The result is shown below (note that Rust’s time measurement functions are themselves based on the performance counter discussed above):

image-20260601152052974.png

We can now extend the library and implement a delay function sitting directly on the TSC:

/// Busy‑wait delay using RDTSC
#[unsafe (no_mangle)]
pub extern "C" fn delay_tsc(ticks_to_wait: u64) {
    unsafe {
        let start = _rdtsc();
        loop {
            let now = _rdtsc();
            if now - start >= ticks_to_wait {
                break;
            }
        }
    }
}

Using these self-made timing function, we can achieve slightly better short‑delay accuracy. Of course, the actual results still depend on overall system load, since Windows is not a real‑time operating system!

 

In theory, to achieve a 50 µs delay on a 3.1 GHz CPU, we need to wait for roughly 155,000 TSC cycles:

image-20260601151914497.png

Quite stable. But the major drawback of wrapping such a tight loop in a DLL is that it cannot be interrupted easily.
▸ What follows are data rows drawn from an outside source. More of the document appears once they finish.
Definition is_G_O (n : nat) (g : {poly int}) : Prop :=
  [/\ (forall l, l \in odd_partitions n -> dvdZX g (h_O n l)),
      (forall d : {poly int},
          (forall l, l \in odd_partitions n -> dvdZX d (h_O n l)) -> dvdZX d g)
    & 0 < lead_coef g].

Definition G_O (n : nat) : {poly int} := epsilon (inhabits 0) (is_G_O n).

Definition sum_h_O (n : nat) : {poly int} :=
  \sum_(l <- odd_partitions n) h_O n l.

Definition num_O (n : nat) : {poly int} :=
  epsilon (inhabits 0) (fun q : {poly int} => sum_h_O n = q * G_O n).

Definition odd_part (M : nat) : nat :=
  (\max_(d < M.+1 | odd d && (d %| M)) d)%N.

(* For odd i, 1 + X^i = prod_(d | i) Phi_(2d)(X).  Hence every h_{O,lambda} is a
   product of powers of the pairwise coprime Phi_(2d), d odd <= n, the exponent
   of Phi_(2d) being sum_(i odd, d | i) floor(n/i) minus the number of parts of
   lambda divisible by d.  That number is at most floor(n/d), with equality for
   lambda = d^(floor(n/d)) 1^(n mod d); so G_O is the product of the
   Phi_(2d)^(sum_(i odd, d | i) floor(n/i) - floor(n/d)) (that every common
   divisor divides it is checked on the multiplicities of complex roots), and
   num_O(n,x) = sum_lambda prod_d Phi_(2d)^(floor(n/d) - #{parts divisible by d}).
   At x = -1 the factor Phi_2 = 1 + X kills every term but lambda = 1^n, which
   contributes prod_(d odd > 1) Phi_(2d)(-1)^(floor(n/d)).  Since
   prod_(1 < d | m) Phi_(2d)(-1) = m for odd m (evaluate (1 + X^m)/(1 + X) at -1),
   regrouping by multiples turns this into prod_(m <= n) (odd part of m), the odd
   part of n!. *)

From mathcomp Require Import all_boot all_order all_algebra all_field.
From Stdlib Require Import ClassicalEpsilon.
From mathcomp Require Import zify ring.
Import Order.TTheory GRing.Theory Num.Theory.
Set Implicit Arguments. Unset Strict Implicit. Unset Printing Implicit Defensive.

Lemma big_divisors_ord (R : Type) (idx : R) (op : Monoid.com_law idx)
    (P : pred nat) (F : nat -> R) i N : 0 < i < N ->
  \big[op/idx]_(d <- divisors i | P d) F d =
  \big[op/idx]_(d < N | P d && (d %| i)) F d.
Proof.
case/andP=> i_gt0 iN; rewrite -(big_mkord (fun d => P d && (d %| i))).
rewrite [RHS](eq_bigl (fun d => (d %| i) && P d)) => [|d]; last by rewrite andbC.
rewrite -big_filter_cond; apply: perm_big.
apply: uniq_perm; rewrite ?divisors_uniq ?filter_uniq ?iota_uniq // => d.
rewrite -dvdn_divisors // mem_filter mem_iota /=.
by case dvd: (d %| i); rewrite ?andbF //; have := dvdn_leq i_gt0 dvd; lia.
Qed.

Lemma perm_divisors_double i : odd i ->
  perm_eq (divisors i.*2) ([seq d.*2 | d <- divisors i] ++ divisors i).
Proof.
move=> oi; have i_gt0 : 0 < i by case: i oi.
have odd_dvd d : d %| i -> odd d by move/dvdn_odd; apply.
apply: uniq_perm; rewrite ?divisors_uniq //.
  rewrite cat_uniq map_inj_uniq ?divisors_uniq //=; last exact: double_inj.
  rewrite andbT; apply/hasPn => d; rewrite -dvdn_divisors // => /odd_dvd od.
  by apply/mapP=> -[e _ de]; move: od; rewrite de odd_double.
move=> d; rewrite mem_cat -!dvdn_divisors ?double_gt0 //.
have [od | ed] := boolP (odd d).
  have -> : d \in [seq d.*2 | d <- divisors i] = false.
    by apply/mapP=> -[e _ de]; move: od; rewrite de odd_double.
  by rewrite /= -muln2 Gauss_dvdl // coprimen2.
have /negPf -> : ~~ (d %| i) by apply: contra ed => /odd_dvd.
rewrite orbF -[d]odd_double_half (negPf ed) add0n mem_map; last exact: double_inj.
by rewrite -dvdn_divisors // -!muln2 dvdn_pmul2r.
Qed.

Lemma dvdn_partn pi d m : pi.-nat d -> 0 < m -> (d %| m`_pi) = (d %| m).
Proof.
move=> pi_d m_gt0; apply/idP/idP => [dvd_d_mpi | dvd_dm].
  exact: dvdn_trans dvd_d_mpi (dvdn_part _ _).
by rewrite -(part_pnat_id pi_d) partn_dvd.
Qed.

Lemma odd_part_partn M : 0 < M -> odd_part M = M`_2^'.
Proof.
move=> M_gt0; apply/eqP; rewrite eqn_leq; apply/andP; split.
  apply/bigmax_leqP => d /andP[od dvd_dM].
  by apply: dvdn_leq (part_gt0 _ _) _; rewrite dvdn_partn // -odd_2'nat.
have Mpi_lt : M`_2^' < M.+1 by rewrite ltnS dvdn_leq ?dvdn_part.
apply: (@leq_bigmax_cond _ _ (fun d : 'I_M.+1 => nat_of_ord d) (Ordinal Mpi_lt)).
by rewrite /= odd_2'nat part_pnat dvdn_part.
Qed.

Lemma prod_partn pi n : \prod_(1 <= m < n.+1) m`_pi = (n`!)`_pi.
Proof.
elim: n => [|n IHn]; first by rewrite big_nil partn1.
by rewrite big_nat_recr //= IHn factS partnM ?fact_gt0 // mulnC.
Qed.

Lemma count_multiples n d : 0 < d -> count (dvdn d) (index_iota 1 n.+1) = n %/ d.
Proof.
move=> d_gt0; elim: n => [|n IHn]; first by rewrite div0n.
have -> : index_iota 1 n.+2 = index_iota 1 n.+1 ++ [:: n.+1].
  by rewrite /index_iota !subSS !subn0 -{1}[n.+1]addn1 iotaD add1n.
by rewrite count_cat IHn /= divnS // addn0 addnC.
Qed.

Lemma mem_bseqs k m s : size s <= k -> all (leq^~ m) s -> s \in bseqs k m.
Proof.
elim: k s => [|k IHk] [|x s] // size_sk /andP[x_le_m s_le_m].
rewrite in_cons; apply/orP; right; apply/allpairsPdep.
by exists x, s; rewrite mem_iota add0n ltnS x_le_m IHk.
Qed.

Lemma odd_partition_part_leq n l x : is_odd_partition n l -> x \in l -> x <= n.
Proof.
case/and3P=> _ _ /eqP <-; elim: l => //= y l IHl.
by rewrite inE => /predU1P[-> | /IHl]; lia.
Qed.

Lemma size_leq_sumn l :
  all odd l -> size l <= sumn l ?= iff (l == nseq (size l) 1).
Proof.
elim: l => //= x l IHl /andP[ox /IHl[size_le_sum eq_ones]].
split; first by case: x ox; lia.
rewrite eqseq_cons -eq_ones; case: x ox => // -[|x] //= _.
by apply/negbTE; lia.
Qed.

Lemma mem_odd_partitions n l : (l \in odd_partitions n) = is_odd_partition n l.
Proof.
rewrite mem_filter andb_idr // => lP; rewrite mem_undup.
apply: mem_bseqs; last by apply/allP => x; apply: odd_partition_part_leq.
by case/and3P: lP => _ /size_leq_sumn[size_le_sum _] /eqP <-.
Qed.

Lemma odd_partitions_uniq n : uniq (odd_partitions n).
Proof. by rewrite filter_uniq ?undup_uniq. Qed.

Lemma odd_partition_size_ltn n l :
  is_odd_partition n l -> l != nseq n 1 -> size l < n.
Proof.
case/and3P=> _ /size_leq_sumn[size_le_sum eq_ones] /eqP sum_n l_ne1.
rewrite ltn_neqAle -sum_n size_le_sum andbT eq_ones.
by apply: contra l_ne1 => /eqP ones; rewrite -sum_n ones sumn_nseq mul1n.
Qed.

Lemma count_dvdn_mul_leq d l : all (leq 1) l -> count (dvdn d) l * d <= sumn l.
Proof.
elim: l => //= x l IHl /andP[x_gt0 /IHl]; rewrite mulnDl.
by case dvd_dx: (d %| x) => /=; [have := dvdn_leq x_gt0 dvd_dx | ]; lia.
Qed.

Lemma count_dvdn_leq n l d :
  is_odd_partition n l -> 0 < d -> count (dvdn d) l <= n %/ d.
Proof.
case/and3P=> _ odd_l /eqP <- d_gt0; rewrite leq_divRL //.
by apply: count_dvdn_mul_leq; apply: sub_all odd_l => -[].
Qed.

Lemma sum_count_mem N (P : pred nat) s : all (leq^~ N) s ->
  \sum_(i < N.+1 | P i) count_mem (i : nat) s = count P s.
Proof.
elim: s => [|x s IHs] /=; first by rewrite big1.
case/andP=> x_le_N /IHs <-; rewrite big_split /=; congr (_ + _).
rewrite big_mkcond (bigD1 (Ordinal (x_le_N : x < N.+1))) //= eqxx.
rewrite big1 ?addn0 => [|i]; first by case: (P x).
by rewrite -val_eqE /= eq_sym => /negPf ->; case: (P i).
Qed.

Definition block_partition n d := nseq (n %/ d) d ++ nseq (n %% d) 1.

Lemma sorted_geq_nseq_cat k d s :
  sorted geq s -> all (leq^~ d) s -> sorted geq (nseq k d ++ s).
Proof.
move=> sorted_s s_le_d; elim: k => //= k IHk.
rewrite (path_sortedE (rev_trans leq_trans)) IHk andbT.
by rewrite all_cat all_nseq s_le_d leqnn orbT.
Qed.

Lemma block_partition_odd n d : odd d -> is_odd_partition n (block_partition n d).
Proof.
move=> od; have d_gt0 : 0 < d by case: d od.
apply/and3P; split.
- apply: sorted_geq_nseq_cat; last by rewrite all_nseq d_gt0 orbT.
  by rewrite -[nseq _ 1]cats0; apply: sorted_geq_nseq_cat.
- by rewrite all_cat !all_nseq od !orbT.
- by rewrite sumn_cat !sumn_nseq mul1n mulnC -divn_eq.
Qed.

Lemma ones_odd_partition n : is_odd_partition n (nseq n 1).
Proof.
have := block_partition_odd n (isT : odd 1).
by rewrite /block_partition divn1 modn1 cats0.
Qed.

Lemma count_dvdn_block_partition n d :
  odd d -> count (dvdn d) (block_partition n d) = n %/ d.
Proof.
move=> od; rewrite count_cat !count_nseq dvdnn dvdn1 mul1n.
by case: eqP => [-> | _]; rewrite ?modn1 ?muln0 ?mul0n addn0.
Qed.

Local Open Scope ring_scope.

Lemma prim_root_order_inj (R : nzRingType) (z : R) m k :
  m.-primitive_root z -> k.-primitive_root z -> m = k.
Proof.
move=> prim_m prim_k; apply/eqP; rewrite eqn_dvd.
rewrite (prim_order_dvd prim_m) (prim_order_dvd prim_k).
by rewrite (prim_expr_order prim_m) (prim_expr_order prim_k) eqxx.
Qed.

Section Multiplicity.

Variable F : fieldType.
Implicit Types (z : F) (p q : {poly F}).

Lemma mup_dvdp z p q : q != 0 -> p %| q -> (mup z p <= mup z q)%N.
Proof.
move=> q_neq0 dvd_pq; have p_neq0 : p != 0.
  by apply: contraNneq q_neq0 => p0; move: dvd_pq; rewrite p0 dvd0p.
by rewrite mup_geq //; apply: dvdp_trans dvd_pq; rewrite -mup_geq.
Qed.

Lemma mupX z p k : p != 0 -> mup z (p ^+ k) = (k * mup z p)%N.
Proof.
move=> p_neq0; elim: k => [|k IHk]; first by rewrite expr0 mupNroot ?root1.
by rewrite exprS mupM ?expf_neq0 // IHk mulSn.
Qed.

Lemma mup_prod z I r (P : pred I) (G : I -> {poly F}) :
  (forall i, P i -> G i != 0) ->
  mup z (\prod_(i <- r | P i) G i) = (\sum_(i <- r | P i) mup z (G i))%N.
Proof.
move=> G_neq0; elim: r => [|i r IHr]; first by rewrite !big_nil mupNroot ?root1.
rewrite !big_cons; case: ifP => // Pi.
rewrite mupM ?IHr ?G_neq0 //.
apply: (big_ind (fun p => p != 0)) => // [|p1 p2]; first exact: oner_neq0.
exact: mulf_neq0.
Qed.

End Multiplicity.

Lemma dvdp_mup (F : closedFieldType) (p q : {poly F}) : p != 0 -> q != 0 ->
  (forall z, mup z p <= mup z q)%N -> p %| q.
Proof.
move=> p_neq0 q_neq0 mup_le; have [r def_p] := closed_field_poly_normal p.
rewrite def_p dvdpZl ?lead_coef_eq0 //.
have {mup_le} : forall z, (count_mem z r <= mup z q)%N.
  move=> z; rewrite -mu_prod_XsubC; apply: leq_trans (mup_le z).
  by rewrite [in X in (_ <= X)%N]def_p -mul_polyC mupMr // rootC lead_coef_eq0.
elim: r q q_neq0 {def_p} => [|x r IHr] q q_neq0 count_le.
  by rewrite big_nil dvd1p.
have /dvdpP[q' def_q] : 'X - x%:P %| q.
  by rewrite XsubC_dvd //; apply: leq_trans (count_le x); rewrite /= eqxx.
have q'_neq0 : q' != 0 by apply: contraNneq q_neq0 => q'0; rewrite def_q q'0 mul0r.
rewrite def_q big_cons mulrC dvdp_mul2r ?polyXsubC_eq0 //; apply: IHr => // z.
have := count_le z; rewrite def_q mupM ?polyXsubC_eq0 //.
rewrite -['X - x%:P]expr1 mup_XsubCX /=.
by case: (x == z) => /=; lia.
Qed.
To mitigate this a little bit, I added a 1 ms delay before performing the delay and timing measurement.

 

For reference, here is the corresponding assembly code for delay_tsc(). The hot spinning loop consists of only six CPU commands, I'll bother you with assembly again:

                public delay_tsc
delay_tsc       proc near

                rdtsc
                mov     r8, rdx
                shl     r8, 20h
                or      r8, rax ; R8: Saved Start RDTSC
                nop     dword ptr [rax+00h] ; Alignment
L1: ; --- Hot Spinning Loop ---
                rdtsc
                shl     rdx, 20h
                or      rdx, rax
                sub     rdx, r8 ; Difference
                cmp     rdx, rcx ; RCX is delay
                jb      short L1 ; ---
                retn
delay_tsc       endp

So there is no longer a “heavy” loop with hundreds of instructions — this is the most efficient way to implement very short delays. Whether such precision is actually useful in a general‑purpose operating system is, of course, is a separate question.

 

This simple code provides many opportunities for experimentation. For example, you can extend the delay loop to return the number of iterations executed during the wait to analyze overall "stability" (I would recommend this as a good self-education exercise).

 

Sidenote: as you have already seen, the QueryPerformanceCounter() implementation uses rdtscp rather than rdtsc. The difference between RDTSC and RDTSCP lies mainly in ordering (serialization) and the additional information provided — RDTSCP also returns the core ID on which the code is executing, which can be useful to see how thread springing from one CPU core to another. The classical and recommended way to perform timing with both rdtsc/rdtscp is to surround the measurement with LFENCE instructions to prevent out‑of‑order execution, but I think further details are really off topic, which you can get from Agner Fog Software Optimization Resources.

 

CPU Threads Quantum

 

It is also useful and important to understand the concept of a quantum in Windows scheduling. From the CPU Analysis Article:

"Context switches are expensive operations. Windows generally allows each thread to run for a period of time that is called a quantum before it switches to another thread. Quantum duration is designed to preserve apparent system responsiveness. It maximizes throughput by minimizing the overhead of context switching. Quantum durations can vary between clients and servers. Quantum durations are typically longer on a server to maximize throughput at the expense of apparent responsiveness. On client computers, Windows assigns shorter quantums overall, but provides a longer quantum to the thread associated with the current foreground window."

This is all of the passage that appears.